Records from a data source

'''

Lemma pop_avg_cst (c : R) : (0 < K)%N ->
  ((\sum_k N k)%N%:R)^-1 * \sum_k \sum_(j < N k) c = c.
Proof.
move=> K_gt0; under [X in _ * X]eq_bigr do rewrite sumr_const card_ord.
rewrite sumrMnr -[c *+ _]mulr_natr mulrCA mulVf ?mulr1 // pnatr_eq0 -lt0n.
by rewrite (bigD1 (Ordinal K_gt0)) //= addn_gt0 N_gt0.
Qed.

Lemma pop_avg_norm_le (f : forall k, 'I_(N k) -> R) :
  ((\sum_k N k)%N%:R)^-1 * \sum_k `|\sum_(j < N k) f k j|
  <= \sum_k `|(N k)%:R^-1 * \sum_(j < N k) f k j|.
Proof.
rewrite mulr_sumr; apply: ler_sum => k _.
rewrite normrM ger0_norm ?invr_ge0 ?ler0n // ler_wpM2r // lef_pV2 ?posrE ?ltr0n //.
  by rewrite ler_nat (bigD1 k) //= leq_addr.
by rewrite (bigD1 k) //= addn_gt0 N_gt0.
Qed.

End Agents.

Section Policy.
Variables (R : realType) (K : nat) (N : 'I_K -> nat) (X U : finType).
Hypothesis N_gt0 : forall k, (0 < N k)%N.
Variable pit : polT R K X U.
Hypothesis pit_dist : forall k x mu, is_distK mu -> is_dist (pit k x mu).

Definition act_prob (s : sconf N X) (i : agent N) : U -> R :=
  pit (tag i) (s i) (emp s).

Lemma act_prob_ge0 (s : sconf N X) i u : 0 <= act_prob s i u.
Proof. exact: (proj1 (pit_dist _ _ (emp_dist _ N_gt0 s))). Qed.

Lemma act_prob_sum1 (s : sconf N X) i : \sum_u act_prob s i u = 1.
Proof. exact: (proj2 (pit_dist _ _ (emp_dist _ N_gt0 s))). Qed.

Lemma nuMF_emp (s : sconf N X) u k :
  nuMF (emp s) pit u k = class_avg (fun k j u => pit k (s (agt j)) (emp s) u) u k.
Proof. by rewrite /nuMF; under eq_bigr do rewrite mulrC; rewrite emp_avg. Qed.

Lemma nuMF_dist mu : is_distK mu -> is_distK (nuMF mu pit).
Proof.
move=> mu_dist k; split=> [u|].
  apply: sumr_ge0 => x _.
  by rewrite mulr_ge0 ?(proj1 (pit_dist _ _ mu_dist)) ?(proj1 (mu_dist k)).
rewrite /nuMF exchange_big /=.
under eq_bigr do rewrite -mulr_suml (proj2 (pit_dist _ _ mu_dist)) mul1r.
exact: (proj2 (mu_dist k)).
Qed.

Lemma actker_l1K_nuMF_le (s : sconf N X) :
  \sum_a actker pit s a * l1K (emp a) (nuMF (emp s) pit)
  <= inv_sqrt_sum R N * Num.sqrt #|U|%:R.
Proof.
under eq_bigr do rewrite (eq_l1Kr _ (nuMF_emp s)).
exact: (emp_concentration N_gt0 (act_prob_ge0 s) (act_prob_sum1 s)).
Qed.

Section Reward.
Variables (r : rewT R K X U) (MR LR : R).
Hypothesis K_gt0 : (0 < K)%N.
Hypothesis MR_ge0 : 0 <= MR.
Hypothesis LR_ge0 : 0 <= LR.
Hypothesis r_bounded : forall k x u (mu : X -> 'I_K -> R) (nu : U -> 'I_K -> R),
  is_distK mu -> is_distK nu -> `|r k x u mu nu| <= MR.
Hypothesis r_lipschitz :
  forall k x u (mu1 mu2 : X -> 'I_K -> R) (nu1 nu2 : U -> 'I_K -> R),
  is_distK mu1 -> is_distK mu2 -> is_distK nu1 -> is_distK nu2 ->
  `|r k x u mu1 nu1 - r k x u mu2 nu2| <= LR * (l1K mu1 mu2 + l1K nu1 nu2).

Lemma rMF_emp (s : sconf N X) k :
  rMF r (emp s) pit k = (N k)%:R^-1 * \sum_(j < N k) \sum_u
    pit k (s (agt j)) (emp s) u * r k (s (agt j)) u (emp s) (nuMF (emp s) pit).
Proof.
rewrite /rMF; under eq_bigr do (under eq_bigr do rewrite -mulrA; rewrite -mulr_sumr).
exact: emp_avg.
Qed.

Definition reward_gap (s : sconf N X) (a : aconf N U) : R :=
  `| ((\sum_k N k)%N%:R)^-1 * \sum_k \sum_(j < N k)
        r k (s (agt j)) (a (agt j)) (emp s) (emp a)
     - \sum_k ((N k)%:R / (\sum_k N k)%N%:R) * rMF r (emp s) pit k |.

Lemma reward_gap_le (s : sconf N X) (a : aconf N U) :
  reward_gap s a <= LR * l1K (emp a) (nuMF (emp s) pit) + \sum_k `|(N k)%:R^-1 *
    \sum_(j < N k) (r k (s (agt j)) (a (agt j)) (emp s) (nuMF (emp s) pit)
      - \sum_u pit k (s (agt j)) (emp s) u
          * r k (s (agt j)) u (emp s) (nuMF (emp s) pit))|.
Proof.
set nu := nuMF (emp s) pit.
have Np_inv_ge0 : 0 <= ((\sum_k N k)%N%:R)^-1 :> R by rewrite invr_ge0 ler0n.
have nu_dist : is_distK nu by apply: nuMF_dist; apply: emp_dist.
rewrite /reward_gap; under [X in _ - X]eq_bigr do rewrite rMF_emp.
rewrite pop_avgE // -mulrBr -sumrB.
under [X in `|_ * X|]eq_bigr => k _ do
  rewrite -(subrKA (\sum_(j < N k) r k (s (agt j)) (a (agt j)) (emp s) nu)) -!sumrB.
rewrite big_split mulrDr; apply: le_trans (ler_normD _ _) _; apply: lerD; last first.
  rewrite normrM ger0_norm // (le_trans _ (pop_avg_norm_le N_gt0 _)) //.
  by rewrite ler_wpM2l // ler_norm_sum.
rewrite -[X in _ <= X](pop_avg_cst N_gt0 _ K_gt0) normrM ger0_norm // ler_wpM2l //.
apply: le_trans (ler_norm_sum _ _ _) _; apply: ler_sum => k _.
apply: le_trans (ler_norm_sum _ _ _) _; apply: ler_sum => j _.
have := r_lipschitz k (s (agt j)) (a (agt j)) (emp_dist _ N_gt0 s) (emp_dist _ N_gt0 s)
  (emp_dist _ N_gt0 a) nu_dist.
by rewrite l1K_refl add0r.
Qed.

Lemma actker_reward_gap_le (s : sconf N X) :
  \sum_a actker pit s a * reward_gap s a
  <= (MR + LR) * inv_sqrt_sum R N * Num.sqrt #|U|%:R.
Proof.
have S_ge0 := inv_sqrt_sum_ge0 R N.
have [U0|U_gt0] := posnP #|U|.
  rewrite big1 ?mulr_ge0 ?addr_ge0 ?sqrtr_ge0 // => a _.
  by have := conf_card_gt0 N_gt0 a K_gt0; rewrite U0.
set nu := nuMF (emp s) pit.
have fluctuation : \sum_a actker pit s a * \sum_k `|(N k)%:R^-1 *
    \sum_(j < N k) (r k (s (agt j)) (a (agt j)) (emp s) nu
      - \sum_u pit k (s (agt j)) (emp s) u * r k (s (agt j)) u (emp s) nu)|
    <= MR * inv_sqrt_sum R N.
  have r_sqr_le k (j : 'I_(N k)) u :
      \sum_(w < 1) r k (s (agt j)) u (emp s) nu ^+ 2 <= MR ^+ 2.
    rewrite big_ord1 -real_normK ?num_real // lerXn2r ?nnegrE //.
    by apply: r_bounded; [apply: emp_dist | apply/nuMF_dist/emp_dist].
  (* the scalar case, as vectors indexed by ['I_1] *)
  have := class_avg_concentration N_gt0 (act_prob_ge0 s) (act_prob_sum1 s)
    (Y := fun k j u (_ : 'I_1) => r k (s (agt j)) u (emp s) nu)
    (fun k j _ => erefl) MR_ge0 r_sqr_le.
  rewrite card_ord sqrtr1 mulr1; apply: le_trans.
  apply: ler_sum => a _; rewrite l1K_ord1 ler_wpM2l ?(prod_law_ge0 (act_prob_ge0 s)) //.
  by apply: ler_sum => k _; rewrite /class_avg -mulrBr -sumrB.
apply: le_trans (ler_sum _ (fun a _ => ler_wpM2l (prod_law_ge0 (act_prob_ge0 s) a)
  (reward_gap_le s a))) _.
under eq_bigr do rewrite mulrDr mulrCA; rewrite big_split -mulr_sumr /=.
apply: le_trans (lerD (ler_wpM2l LR_ge0 (actker_l1K_nuMF_le s)) fluctuation) _.
have := sqrt_card_ge1 R U_gt0; have := mulr_ge0 MR_ge0 S_ge0; nra.
Qed.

'''

Exercise directions:
Each line above that contains the word "Lemma" counts once; give the total and no other text.

Response below:
10